# Mechanical computer uses matchboxes and beans to learn Tic-Tac-Toe

James sez, "I just completed a working build of Donald Michie's MENACE (Matchbox Educable Noughts And Crosses Engine), an early (1960) example of machine learning. MENACE uses 304 matchboxes to play Noughts and Crosses (or Tic Tac Toe in the US) - and learns over time to play it better. I built it for a talk at the UK games conference Playful, about Awesomeness and Miracles, particularly focussing on the work of Charles Babbage - and culminating in a surprisingly large version for playing Go..."

MENACE is a machine that plays noughts and crosses, built out of 304 matchboxes. Each matchbox corresponds to one of the 304 board layouts that the opening player might face (there are actually 19,683 possible board layouts, but we only need to calculate the opening player's first four moves, and many are rotationally or reflectively identical). In turn, each matchbox contains a number of glass beads corresponding to each possible next move. When it is MENACE's turn to play, the operator simply selects the matchbox corresponding to the current state of play, shakes it, and opens it to see which move has been chosen. Each matchbox contains a small nook into which one bead falls--and MENACE plays in the square corresponding to that bead.

But what's really clever is that MENACE learns. Every time it wins a game, an additional bead is added to each matchbox played, corresponding to each winning move. Likewise, every time it loses, a bead corresponding to each losing move is removed. As a result, over time, MENACE becomes more likely to play moves that have previously resulted in wins and less likely to play moves that have resulted in losses.
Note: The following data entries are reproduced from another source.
(* Let $K\subset\mathbb{R}^n$ be nonempty, convex, closed and bounded, let $C=\{x\in\mathbb{R}^m\mid Ax=b,\ x\ge0\}$ be nonempty and bounded, and let $f,h:\mathbb{R}^n\times\mathbb{R}^m\to\mathbb{R}$ be continuously differentiable functions such that, for every $y\in K$, $f(y,\cdot)$ and $h(y,\cdot)$ are convex, and such that $f$ takes only positive values. Let $y^*$ be an optimal solution of $(\widetilde{\mathcal{P}})$, let $x^*\in\widetilde{\mathcal{S}}(y^* )$, set $\alpha^*=h(y^*,x^* )$, $\beta^*=f(y^*,x^* )$ and $C^*=\{x\in C\mid h(y^*,x)\le\alpha^*,\ f(y^*,x)\le\beta^*\}$. Assume there exist $\varepsilon_0>0$ and $\delta>0$ such that for every $x\in C^*+\mathcal{B}(0,\varepsilon_0)$ there exists $\tilde x\in C^*$ with $$\|x-\tilde x\|^2\le\delta\Big[\big(h(y^*,x)-\alpha^*\big)^++\big(f(y^*,x)-\beta^*\big)^+\Big].$$ For every $\varepsilon>0$ let $y_\varepsilon$ be an optimal solution of $(\mathcal{P}_\varepsilon)$ and $x_\varepsilon\in\mathcal{S}_\varepsilon(y_\varepsilon)$. Then $f(y^*,x^* )-f(y_\varepsilon,x_\varepsilon)=o(\sqrt{\varepsilon})$ as $\varepsilon\to0$, and for every $\tau>0$, $f(y^*,x^* )-f(y_\varepsilon,x_\varepsilon)=o(\varepsilon^{1-\tau})$. Moreover, for every choice of $\tilde x_\varepsilon\in\mathcal{S}_\varepsilon(y^* )$ and every $\tau>0$, $h(y^*,\tilde x_\varepsilon)-h(y^*,x^* )=o(\varepsilon^{1-\tau})$ as $\varepsilon\to0$.
   Context: $f^2=(f)^2$; $t^+=\max\{t,0\}$; $\mathcal{B}(0,\varepsilon_0)$ is the open ball of radius $\varepsilon_0$ centred at $0$ in $\mathbb{R}^m$. For $y\in K$: $\mathcal{S}(y)=\operatorname{argmin}\{h(y,z)\mid z\in C\}$; for $\varepsilon>0$, $\mathcal{S}_\varepsilon(y)=\operatorname{argmin}\{h(y,z)+\varepsilon f^2(y,z)\mid z\in C\}$; $\widetilde{\mathcal{S}}(y)=\operatorname{argmin}\{f^2(y,z)\mid z\in\mathcal{S}(y)\}$. $(\mathcal{P}_\varepsilon)$: maximize $f(y,x)$ over $y\in K$, $x\in\mathcal{S}_\varepsilon(y)$; $y_\varepsilon\in K$ is optimal if $f(y_\varepsilon,x')\ge f(y,x)$ for all $x'\in\mathcal{S}_\varepsilon(y_\varepsilon)$, $y\in K$, $x\in\mathcal{S}_\varepsilon(y)$. $(\widetilde{\mathcal{P}})$: maximize $f(y,x)$ over $y\in K$, $x\in\widetilde{\mathcal{S}}(y)$; $y^*\in K$ is optimal if $f(y^*,x')\ge f(y,x)$ for all $x'\in\widetilde{\mathcal{S}}(y^* )$, $y\in K$, $x\in\widetilde{\mathcal{S}}(y)$. *)

From HB Require Import structures.
From mathcomp Require Import all_boot all_order all_algebra.
From mathcomp Require Import all_classical all_reals all_analysis.
Set Implicit Arguments. Unset Strict Implicit. Unset Printing Implicit Defensive.
Import Order.TTheory GRing.Theory Num.Theory.
Import numFieldNormedType.Exports.
Local Open Scope classical_set_scope.
Local Open Scope ring_scope.

Section Defs.
Variable R : realType.

Definition sqnorm (k : nat) (v : 'rV[R]_k) : R := \sum_(i < k) (v 0 i) ^+ 2.
Definition enorm (k : nat) (v : 'rV[R]_k) : R := Num.sqrt (sqnorm v).

Definition pospart (t : R) : R := Num.max t 0.

Definition convex_set_rV (k : nat) (S : set 'rV[R]_k) : Prop :=
  forall x1 x2 (t : R), S x1 -> S x2 -> 0 <= t <= 1 ->
    S (t *: x1 + (1 - t) *: x2).

Definition convex_fun_rV (k : nat) (g : 'rV[R]_k -> R) : Prop :=
  forall x1 x2 (t : R), 0 <= t <= 1 ->
    g (t *: x1 + (1 - t) *: x2) <= t * g x1 + (1 - t) * g x2.

(* continuously differentiable: Frechet differentiable everywhere, and the
   derivative p |-> 'd F p is continuous (in finite dimension, equivalently
   p |-> 'd F p v is continuous for every direction v) *)
Definition C1_fun (n m : nat) (F : 'rV[R]_n * 'rV[R]_m -> R) : Prop :=
  (forall p, differentiable F p) /\
  (forall v : 'rV[R]_n * 'rV[R]_m, continuous (fun p => 'd F p v)).

Definition argmin_on (k : nat) (g : 'rV[R]_k -> R) (D : set 'rV[R]_k)
  : set 'rV[R]_k := [set z | D z /\ forall z', D z' -> g z <= g z'].

Variables (n m : nat) (F H : 'rV[R]_n * 'rV[R]_m -> R)
  (K : set 'rV[R]_n) (C : set 'rV[R]_m).

Definition Ssol (y : 'rV[R]_n) : set 'rV[R]_m := argmin_on (fun z => H (y, z)) C.
Definition Seps (eps : R) (y : 'rV[R]_n) : set 'rV[R]_m :=
  argmin_on (fun z => H (y, z) + eps * (F (y, z)) ^+ 2) C.
Definition Stilde (y : 'rV[R]_n) : set 'rV[R]_m :=
  argmin_on (fun z => (F (y, z)) ^+ 2) (Ssol y).

Definition opt_Peps (eps : R) (ye : 'rV[R]_n) : Prop :=
  K ye /\ forall x' y x, Seps eps ye x' -> K y -> Seps eps y x -> F (y, x) <= F (ye, x').
Definition opt_Ptilde (ys : 'rV[R]_n) : Prop :=
  K ys /\ forall x' y x, Stilde ys x' -> K y -> Stilde y x -> F (y, x) <= F (ys, x').

End Defs.

From HB Require Import structures.
From mathcomp Require Import all_boot all_order all_algebra.
From mathcomp Require Import all_classical all_reals all_analysis.
From mathcomp Require Import ring lra.
Import Order.TTheory GRing.Theory Num.Theory.
Import numFieldNormedType.Exports.
Local Open Scope classical_set_scope.
Local Open Scope ring_scope.

(** Write [f = F (ys, .)] and [h = H (ys, .)]. A minimiser of [h + eps f^2] has no
    larger [f] than a minimiser of [h]; with optimality of [ys] this gives
    [F (yeps, xeps) <= F (ys, xs)], and optimality of [yeps] reduces the converse to
    bounding [d = f xs - f z] for [z] in [S_eps(ys)]. As [C] is bounded, for a fixed
    [t > 0] the point [x_t = t z + (1 - t) xs] is [eps0]-close to [C*] and, by
    convexity, violates its constraints only through
    [h x_t - h xs <= t eps (f xs^2 - f z^2) <= 2 t eps f xs d]. The error bound
    yields [x^] in [C*] near [x_t]; since [x^] lies in [S(ys)], [f x^ >= f xs], and
    convexity of [f] with a bound on its derivative over the compact [C] gives
    [t d <= L |x_t - x^|]. Squaring, [(t d)^2 <= 2 L^2 delta t eps f xs d], so
    [d = O(eps)]. For [h], directly [h z - h xs <= eps f xs^2]. *)

Section EuclideanNorm.
Context {R : realType} {k : nat}.
Implicit Types (v : 'rV[R]_k) (t : R).
(* Let $\vartheta>0$ and $\gamma\in\mathbb R$ be fixed, let $\rho=1-\gamma/\sqrt s$, and let $F_s(\rho)=\sum_{n=0}^\infty p_s(0)\cdots p_s(n)\rho^{n+1}$ with $p_s(k)=\bigl(1+(k+1)\tfrac\vartheta s\bigr)^{-1}$, $k\in\mathbb N_0$. Then as $s\to\infty$, $F_s(\rho)\sim\Bigl(\frac2\vartheta\Bigr)^{1/2}\chi(\gamma/\sqrt{2\vartheta})\sqrt s+\frac{\gamma^3\sqrt2}{3\vartheta^{3/2}}\chi(\gamma/\sqrt{2\vartheta})-\frac{\gamma^2}{3\vartheta}-\frac23$, in the sense that the difference between the two sides tends to $0$.
   Context: $\chi$ denotes Mills' ratio, $\chi(\delta)=e^{\delta^2}\int_\delta^\infty e^{-y^2}dy$ for $\delta\in\mathbb R$. *)

From Stdlib Require Import Reals.
From Coquelicot Require Import Coquelicot.
Open Scope R_scope.

Definition mills_chi (d : R) : R :=
  exp (d ^ 2) * RInt_gen (fun y => exp (- y ^ 2)) (at_point d) (Rbar_locally p_infty).

Definition p_s (theta s : R) (k : nat) : R :=
  / (1 + INR (k + 1) * theta / s).

Fixpoint prod_p (theta s : R) (n : nat) : R :=
  match n with
  | O => p_s theta s 0
  | S m => prod_p theta s m * p_s theta s (S m)
  end.

Definition F_s (theta s rho : R) : R :=
  Series (fun n => prod_p theta s n * rho ^ (n + 1)).

(* Write [rho = 1 - g / sqrt s] and [P(x) = sum_n p_s(0)...p_s(n) x^n], so that
   [F_s(rho) = rho P(rho)].  The recurrence for the coefficients makes [P] solve the linear
   ODE [P + (theta/s)(P + x P') = 1 + x P]; for [u(g) = F_s(rho) / sqrt s] this reads
   [theta u' = g u / rho - 1].  Since [chi' = 2 d chi - 1], the leading term [U] solves
   [theta U' = g U - 1], and with an explicit cubic corrector [c] the approximation
   [V = U + c / sqrt s] solves the ODE of [u] up to a residual of size [O((1 + g^2)^3 / s)].
   The integrating factor [exp phase] decays like [exp (- g^2 / (2 theta))], so the residual
   of [(u - V) exp phase] is integrable in [g].  Integrating from [gamma] to [sqrt s / 2],
   where [u - V] is polynomially bounded and the integrating factor exponentially small,
   gives [sqrt s (u - V)(gamma) = O(1 / sqrt s)]. *)

From Stdlib Require Import Reals Lra Psatz Lia Classical.
From Coquelicot Require Import Coquelicot.
Open Scope R_scope.

Lemma is_lim_p_infty_intro (f : R -> R) (l : R) :
  (forall eps, 0 < eps -> exists M, forall x, M < x -> Rabs (f x - l) < eps) ->
  is_lim f p_infty l.
Proof.
  intros H. apply is_lim_spec. intros eps.
  destruct (H eps (cond_pos eps)) as [M HM]. now exists M.
Qed.

Lemma is_lim_p_infty_of_le_inv_sqrt (f : R -> R) (D S0 : R) :
  (forall s, S0 < s -> Rabs (f s) <= D / sqrt s) -> is_lim f p_infty 0.
Proof.
  intros Hf. apply is_lim_p_infty_intro. intros eps Heps.
  exists (Rmax (Rmax S0 1) (Rsqr (D / eps))). intros s Hs.
  assert (HS0 : S0 < s) by (eapply Rle_lt_trans; [|exact Hs];
    eapply Rle_trans; [apply Rmax_l | apply Rmax_l]).
  assert (Hs1 : 1 < s) by (eapply Rle_lt_trans; [|exact Hs];
    eapply Rle_trans; [apply Rmax_r | apply Rmax_l]).
  assert (HD : Rsqr (D / eps) < s) by (eapply Rle_lt_trans; [apply Rmax_r | exact Hs]).
  assert (Ht : 0 < sqrt s) by (apply sqrt_lt_R0; lra).
  assert (HDt : D / eps < sqrt s).
  { eapply Rle_lt_trans; [apply Rle_abs|]. rewrite <- sqrt_Rsqr_abs.
    apply sqrt_lt_1_alt. split; [apply Rle_0_sqr | exact HD]. }
  rewrite Rminus_0_r. eapply Rle_lt_trans; [exact (Hf s HS0)|].
  apply (Rmult_lt_reg_r (sqrt s)); [exact Ht|].
  replace (D / sqrt s * sqrt s) with D by (field; lra).
  apply (Rmult_lt_reg_r (/ eps)); [apply Rinv_0_lt_compat; lra|].
  replace (eps * sqrt s * / eps) with (sqrt s) by (field; lra). exact HDt.
Qed.

Lemma is_lim_p_infty_of_monotone_bounded (f : R -> R) (M : R) :
  (forall x y, 0 <= x <= y -> f x <= f y) -> (forall x, 0 <= x -> f x <= M) ->
  exists L : R, is_lim f p_infty L.
Proof.
  intros Hmono Hbnd.
  set (E := fun z => exists x, 0 <= x /\ z = f x).
  assert (HE1 : bound E) by (exists M; intros z [x [Hx ->]]; auto).
  assert (HE2 : exists z, E z) by (exists (f 0), 0; split; [lra | reflexivity]).
  destruct (completeness E HE1 HE2) as [L [HLub HLleast]].
  exists L. apply is_lim_p_infty_intro. intros eps Heps.
  destruct (classic (exists x0, 0 <= x0 /\ L - eps < f x0)) as [[x0 [Hx0 Hfx0]]|Hnone].
  - exists x0. intros x Hx.
    assert (f x <= L) by (apply HLub; exists x; split; [lra | reflexivity]).
    assert (f x0 <= f x) by (apply Hmono; lra).
    apply Rabs_def1; lra.
  - enough (L <= L - eps) by lra.
    apply HLleast. intros z [x [Hx ->]].
    apply Rnot_lt_le. intros Hlt. apply Hnone. now exists x.
Qed.

Lemma is_RInt_gen_p_infty_of_lim (f G : R -> R) (a L : R) :
  (forall b, a < b -> is_RInt f a b (G b)) -> is_lim G p_infty L ->
  is_RInt_gen f (at_point a) (Rbar_locally p_infty) L.
Proof.
  intros HI HG P HP. unfold filtermapi.
  apply Filter_prod with (fun x => x = a) (fun b => a < b /\ P (G b)).
  - reflexivity.
  - apply filter_and; [now exists a | now apply HG].
  - intros x y -> [Hy HPy]. exists (G y). split; auto.
Qed.

Lemma is_derive_plus_R (f g : R -> R) (x a b : R) :
  is_derive f x a -> is_derive g x b -> is_derive (fun y => f y + g y) x (a + b).
Proof. intros; now apply (@is_derive_plus R_AbsRing R_NormedModule). Qed.

Lemma is_derive_mult_R (f g : R -> R) (x a b : R) :
  is_derive f x a -> is_derive g x b ->
  is_derive (fun y => f y * g y) x (a * g x + f x * b).
Proof. intros Hf Hg. exact (@is_derive_mult R_AbsRing f g x a b Hf Hg Rmult_comm). Qed.

Lemma is_derive_comp_R (f g : R -> R) (x a b : R) :
  is_derive f (g x) a -> is_derive g x b -> is_derive (fun y => f (g y)) x (b * a).
Proof. intros Hf Hg. exact (@is_derive_comp R_AbsRing R_NormedModule f g x a b Hf Hg). Qed.

Lemma is_derive_const_R (c x : R) : is_derive (fun _ => c) x 0.
Proof. exact (@is_derive_const R_AbsRing R_NormedModule c x). Qed.

Lemma is_derive_ext_R (f g : R -> R) (x a b : R) :
  (forall y, f y = g y) -> a = b -> is_derive f x a -> is_derive g x b.
Proof. intros Hfg -> Hf. exact (@is_derive_ext R_AbsRing R_NormedModule f g x b Hfg Hf). Qed.

Lemma continuity_pt_of_is_derive (f : R -> R) (x a : R) : is_derive f x a -> continuity_pt f x.
Proof.
  intros Hf. apply continuity_pt_filterlim.
  apply (@ex_derive_continuous R_AbsRing R_NormedModule). now exists a.
Qed.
A New THEORY of AWESOMENESS and MIRACLES Being NOTES and SLIDES on a talk given at PLAYFUL 09, concerning CHARLES BABBAGE, HEATH ROBINSON, MENACE and MAGE

### 22

1. Klaus Ã†. Mogensen says:

IIRC, that’s the method used in Fred Saberhagen’s first Berserker Story “”Without a Thought” (a.t. “Fortress Ship”) from 1963.

2. Church says:

Wasn’t this method used in one of Saberhagen’s Berserker stories? IIRC, it was used to teach a sort of alien monkey the rules of a game so that it could defeat a Berserker (the plot points that made this a necessity escape me.)

3. Felix Mitchell says:

Eventually each box will only contain one type of bean, which will represent perfect play.

So this approach only works for games where a perfect strategy exists… and surely Go is not one of those? My mind boggles at how many matchboxes you’d need for Go.

4. Tynam says:

@Felix: Actually, Go is one of those.

Formally: Go is a zero-sum finite perfect
information game; all such games have an equilibrium point in pure strategies.

Skipping the game theory jargon: Go has a perfect strategy, and in principle it’s findable by MEGoE, the Matchbox Educable Go Engine. Of course, Go is very deep and would require very many matchboxes. So we have no idea what the winning strategy is. But there is one. Either Black can always win, or White can, or both players can guarantee a draw.

5. Felix Mitchell says:

Tynam:

I’m guessing you’d need a shit ton of beans too – since each matchbox must contain enough beans for each subsequent path to be tried once.

The first matchbox would need as many beans as there are games of Go.

1. octopod says:

a hill of beans indeed. number of boxes would be ~10^170 vs number of atoms in the universe 10^81

6. chazlarson says:

I made one of these for the elementary school Math Night a couple years ago. The kids had fun with it. Virtually no one believed that a bunch of matchboxes would learn in short order to be unbeatable, but it was fun to watch it happen as the kids took turns playing games against it.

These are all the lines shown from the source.